What to produce. Set down the material exactly as given, please, from its first line through the line that includes "by rewrite mate_x s_x eq_sym.".

Records for processing.
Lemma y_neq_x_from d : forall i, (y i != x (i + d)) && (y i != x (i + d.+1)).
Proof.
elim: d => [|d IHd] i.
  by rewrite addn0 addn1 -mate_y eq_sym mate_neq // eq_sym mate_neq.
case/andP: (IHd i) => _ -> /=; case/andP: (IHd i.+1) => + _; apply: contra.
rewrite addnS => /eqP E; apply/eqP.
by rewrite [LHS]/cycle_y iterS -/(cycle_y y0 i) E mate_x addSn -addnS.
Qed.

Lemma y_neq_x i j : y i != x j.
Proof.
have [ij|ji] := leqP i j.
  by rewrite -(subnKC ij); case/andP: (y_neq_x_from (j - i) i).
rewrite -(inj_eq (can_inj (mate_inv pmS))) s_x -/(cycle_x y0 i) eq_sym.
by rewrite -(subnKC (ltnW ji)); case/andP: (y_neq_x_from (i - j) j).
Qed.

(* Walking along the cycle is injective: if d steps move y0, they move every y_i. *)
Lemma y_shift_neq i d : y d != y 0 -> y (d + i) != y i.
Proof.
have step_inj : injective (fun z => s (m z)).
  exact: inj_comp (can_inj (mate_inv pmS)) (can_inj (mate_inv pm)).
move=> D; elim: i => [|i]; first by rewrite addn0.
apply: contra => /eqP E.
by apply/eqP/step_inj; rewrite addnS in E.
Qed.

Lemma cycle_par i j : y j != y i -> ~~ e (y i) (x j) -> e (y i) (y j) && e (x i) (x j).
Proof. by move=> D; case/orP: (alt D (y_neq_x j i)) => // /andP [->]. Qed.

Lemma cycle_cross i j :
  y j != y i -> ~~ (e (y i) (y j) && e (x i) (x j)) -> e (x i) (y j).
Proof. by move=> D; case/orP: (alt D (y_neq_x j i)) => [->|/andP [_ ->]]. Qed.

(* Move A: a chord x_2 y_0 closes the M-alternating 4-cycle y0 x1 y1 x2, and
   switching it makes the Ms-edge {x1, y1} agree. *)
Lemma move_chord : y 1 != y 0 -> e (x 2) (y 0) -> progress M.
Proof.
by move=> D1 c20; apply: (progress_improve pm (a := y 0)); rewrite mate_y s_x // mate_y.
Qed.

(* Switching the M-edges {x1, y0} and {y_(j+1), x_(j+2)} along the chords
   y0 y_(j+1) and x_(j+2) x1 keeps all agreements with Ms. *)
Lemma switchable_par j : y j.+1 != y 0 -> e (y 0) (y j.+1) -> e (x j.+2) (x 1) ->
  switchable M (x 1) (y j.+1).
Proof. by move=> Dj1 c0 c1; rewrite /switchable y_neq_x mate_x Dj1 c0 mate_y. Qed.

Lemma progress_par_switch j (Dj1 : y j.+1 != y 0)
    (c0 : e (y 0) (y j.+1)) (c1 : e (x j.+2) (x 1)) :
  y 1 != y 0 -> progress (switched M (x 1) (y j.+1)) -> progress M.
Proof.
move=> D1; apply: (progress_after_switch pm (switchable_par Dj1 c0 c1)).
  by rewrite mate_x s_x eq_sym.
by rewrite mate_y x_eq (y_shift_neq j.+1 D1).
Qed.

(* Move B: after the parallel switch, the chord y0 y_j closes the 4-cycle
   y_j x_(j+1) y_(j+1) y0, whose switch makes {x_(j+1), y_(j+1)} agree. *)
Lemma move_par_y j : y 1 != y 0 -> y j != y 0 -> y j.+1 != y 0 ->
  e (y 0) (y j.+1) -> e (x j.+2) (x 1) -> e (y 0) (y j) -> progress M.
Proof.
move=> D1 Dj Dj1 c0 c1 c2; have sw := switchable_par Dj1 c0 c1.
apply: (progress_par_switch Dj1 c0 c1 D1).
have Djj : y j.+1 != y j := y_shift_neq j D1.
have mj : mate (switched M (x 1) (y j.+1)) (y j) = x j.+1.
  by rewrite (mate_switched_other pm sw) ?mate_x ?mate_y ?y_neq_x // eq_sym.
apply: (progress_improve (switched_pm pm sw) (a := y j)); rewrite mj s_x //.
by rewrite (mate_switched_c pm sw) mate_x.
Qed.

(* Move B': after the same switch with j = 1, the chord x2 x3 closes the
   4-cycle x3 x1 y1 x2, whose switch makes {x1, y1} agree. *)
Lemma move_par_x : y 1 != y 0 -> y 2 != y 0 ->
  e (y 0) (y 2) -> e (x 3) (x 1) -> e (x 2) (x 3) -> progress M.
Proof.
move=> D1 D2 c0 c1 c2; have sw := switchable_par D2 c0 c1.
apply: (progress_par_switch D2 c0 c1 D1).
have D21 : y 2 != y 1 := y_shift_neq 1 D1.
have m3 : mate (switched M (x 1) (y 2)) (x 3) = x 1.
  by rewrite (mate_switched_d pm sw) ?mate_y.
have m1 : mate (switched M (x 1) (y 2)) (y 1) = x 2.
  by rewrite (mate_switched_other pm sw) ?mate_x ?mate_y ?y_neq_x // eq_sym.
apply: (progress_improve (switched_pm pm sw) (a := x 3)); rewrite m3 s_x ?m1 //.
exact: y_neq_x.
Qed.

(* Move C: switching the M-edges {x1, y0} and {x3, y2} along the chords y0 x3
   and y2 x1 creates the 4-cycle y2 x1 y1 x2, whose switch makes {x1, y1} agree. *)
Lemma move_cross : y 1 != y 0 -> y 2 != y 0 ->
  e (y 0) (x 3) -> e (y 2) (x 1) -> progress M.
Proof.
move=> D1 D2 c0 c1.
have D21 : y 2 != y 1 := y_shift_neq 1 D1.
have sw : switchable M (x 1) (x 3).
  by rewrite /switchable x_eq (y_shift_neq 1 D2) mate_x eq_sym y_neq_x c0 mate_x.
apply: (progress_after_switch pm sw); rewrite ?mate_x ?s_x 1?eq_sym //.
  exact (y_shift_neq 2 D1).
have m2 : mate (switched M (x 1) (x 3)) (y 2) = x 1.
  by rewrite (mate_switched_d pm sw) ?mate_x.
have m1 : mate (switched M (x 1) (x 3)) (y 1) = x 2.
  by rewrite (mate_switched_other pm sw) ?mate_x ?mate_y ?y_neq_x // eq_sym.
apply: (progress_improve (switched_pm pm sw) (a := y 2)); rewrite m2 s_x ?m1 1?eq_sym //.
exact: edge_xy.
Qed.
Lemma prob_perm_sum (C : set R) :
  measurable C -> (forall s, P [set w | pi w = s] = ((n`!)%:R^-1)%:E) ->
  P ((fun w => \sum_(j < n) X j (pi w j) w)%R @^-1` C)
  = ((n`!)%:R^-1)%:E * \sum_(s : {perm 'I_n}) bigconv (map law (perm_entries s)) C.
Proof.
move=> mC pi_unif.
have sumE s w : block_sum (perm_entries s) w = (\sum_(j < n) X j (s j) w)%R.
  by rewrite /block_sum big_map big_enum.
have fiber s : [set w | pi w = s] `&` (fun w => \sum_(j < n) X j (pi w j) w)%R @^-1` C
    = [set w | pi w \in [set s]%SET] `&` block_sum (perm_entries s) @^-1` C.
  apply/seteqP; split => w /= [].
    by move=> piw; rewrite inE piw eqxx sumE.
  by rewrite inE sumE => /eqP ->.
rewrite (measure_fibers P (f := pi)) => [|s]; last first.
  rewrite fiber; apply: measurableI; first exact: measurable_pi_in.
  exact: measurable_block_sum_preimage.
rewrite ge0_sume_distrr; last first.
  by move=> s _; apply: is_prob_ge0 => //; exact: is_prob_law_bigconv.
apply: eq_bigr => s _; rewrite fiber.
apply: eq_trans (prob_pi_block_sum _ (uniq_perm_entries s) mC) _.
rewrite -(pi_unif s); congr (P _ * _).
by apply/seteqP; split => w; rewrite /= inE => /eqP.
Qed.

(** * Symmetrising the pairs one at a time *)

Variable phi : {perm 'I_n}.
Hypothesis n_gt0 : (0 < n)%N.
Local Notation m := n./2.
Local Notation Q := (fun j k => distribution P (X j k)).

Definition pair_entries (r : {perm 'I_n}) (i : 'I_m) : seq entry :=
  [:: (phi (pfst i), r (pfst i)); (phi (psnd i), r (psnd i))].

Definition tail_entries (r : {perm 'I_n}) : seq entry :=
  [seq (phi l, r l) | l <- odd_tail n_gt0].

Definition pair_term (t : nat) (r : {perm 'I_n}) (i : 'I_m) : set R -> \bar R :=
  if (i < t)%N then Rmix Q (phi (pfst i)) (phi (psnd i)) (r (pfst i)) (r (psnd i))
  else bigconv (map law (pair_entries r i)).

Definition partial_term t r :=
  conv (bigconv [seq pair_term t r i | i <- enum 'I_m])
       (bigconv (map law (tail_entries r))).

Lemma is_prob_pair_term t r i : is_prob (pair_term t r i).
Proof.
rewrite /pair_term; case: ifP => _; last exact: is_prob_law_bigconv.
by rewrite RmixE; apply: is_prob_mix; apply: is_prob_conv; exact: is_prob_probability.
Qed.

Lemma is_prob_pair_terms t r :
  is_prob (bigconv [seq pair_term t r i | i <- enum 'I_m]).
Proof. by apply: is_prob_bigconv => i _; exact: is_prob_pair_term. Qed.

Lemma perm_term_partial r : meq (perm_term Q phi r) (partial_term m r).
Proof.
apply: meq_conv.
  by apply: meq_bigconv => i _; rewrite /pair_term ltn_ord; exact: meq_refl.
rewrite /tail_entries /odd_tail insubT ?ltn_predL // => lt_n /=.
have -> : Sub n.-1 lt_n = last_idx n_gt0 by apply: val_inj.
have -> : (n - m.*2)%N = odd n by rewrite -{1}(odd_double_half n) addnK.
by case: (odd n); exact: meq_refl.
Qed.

Answer to this problem.
Lemma y_neq_x_from d : forall i, (y i != x (i + d)) && (y i != x (i + d.+1)).
Proof.
elim: d => [|d IHd] i.
  by rewrite addn0 addn1 -mate_y eq_sym mate_neq // eq_sym mate_neq.
case/andP: (IHd i) => _ -> /=; case/andP: (IHd i.+1) => + _; apply: contra.
rewrite addnS => /eqP E; apply/eqP.
by rewrite [LHS]/cycle_y iterS -/(cycle_y y0 i) E mate_x addSn -addnS.
Qed.

Lemma y_neq_x i j : y i != x j.
Proof.
have [ij|ji] := leqP i j.
  by rewrite -(subnKC ij); case/andP: (y_neq_x_from (j - i) i).
rewrite -(inj_eq (can_inj (mate_inv pmS))) s_x -/(cycle_x y0 i) eq_sym.
by rewrite -(subnKC (ltnW ji)); case/andP: (y_neq_x_from (i - j) j).
Qed.

(* Walking along the cycle is injective: if d steps move y0, they move every y_i. *)
Lemma y_shift_neq i d : y d != y 0 -> y (d + i) != y i.
Proof.
have step_inj : injective (fun z => s (m z)).
  exact: inj_comp (can_inj (mate_inv pmS)) (can_inj (mate_inv pm)).
move=> D; elim: i => [|i]; first by rewrite addn0.
apply: contra => /eqP E.
by apply/eqP/step_inj; rewrite addnS in E.
Qed.

Lemma cycle_par i j : y j != y i -> ~~ e (y i) (x j) -> e (y i) (y j) && e (x i) (x j).
Proof. by move=> D; case/orP: (alt D (y_neq_x j i)) => // /andP [->]. Qed.

Lemma cycle_cross i j :
  y j != y i -> ~~ (e (y i) (y j) && e (x i) (x j)) -> e (x i) (y j).
Proof. by move=> D; case/orP: (alt D (y_neq_x j i)) => [->|/andP [_ ->]]. Qed.

(* Move A: a chord x_2 y_0 closes the M-alternating 4-cycle y0 x1 y1 x2, and
   switching it makes the Ms-edge {x1, y1} agree. *)
Lemma move_chord : y 1 != y 0 -> e (x 2) (y 0) -> progress M.
Proof.
by move=> D1 c20; apply: (progress_improve pm (a := y 0)); rewrite mate_y s_x // mate_y.
Qed.

(* Switching the M-edges {x1, y0} and {y_(j+1), x_(j+2)} along the chords
   y0 y_(j+1) and x_(j+2) x1 keeps all agreements with Ms. *)
Lemma switchable_par j : y j.+1 != y 0 -> e (y 0) (y j.+1) -> e (x j.+2) (x 1) ->
  switchable M (x 1) (y j.+1).
Proof. by move=> Dj1 c0 c1; rewrite /switchable y_neq_x mate_x Dj1 c0 mate_y. Qed.

Lemma progress_par_switch j (Dj1 : y j.+1 != y 0)
    (c0 : e (y 0) (y j.+1)) (c1 : e (x j.+2) (x 1)) :
  y 1 != y 0 -> progress (switched M (x 1) (y j.+1)) -> progress M.
Proof.
move=> D1; apply: (progress_after_switch pm (switchable_par Dj1 c0 c1)).
  by rewrite mate_x s_x eq_sym.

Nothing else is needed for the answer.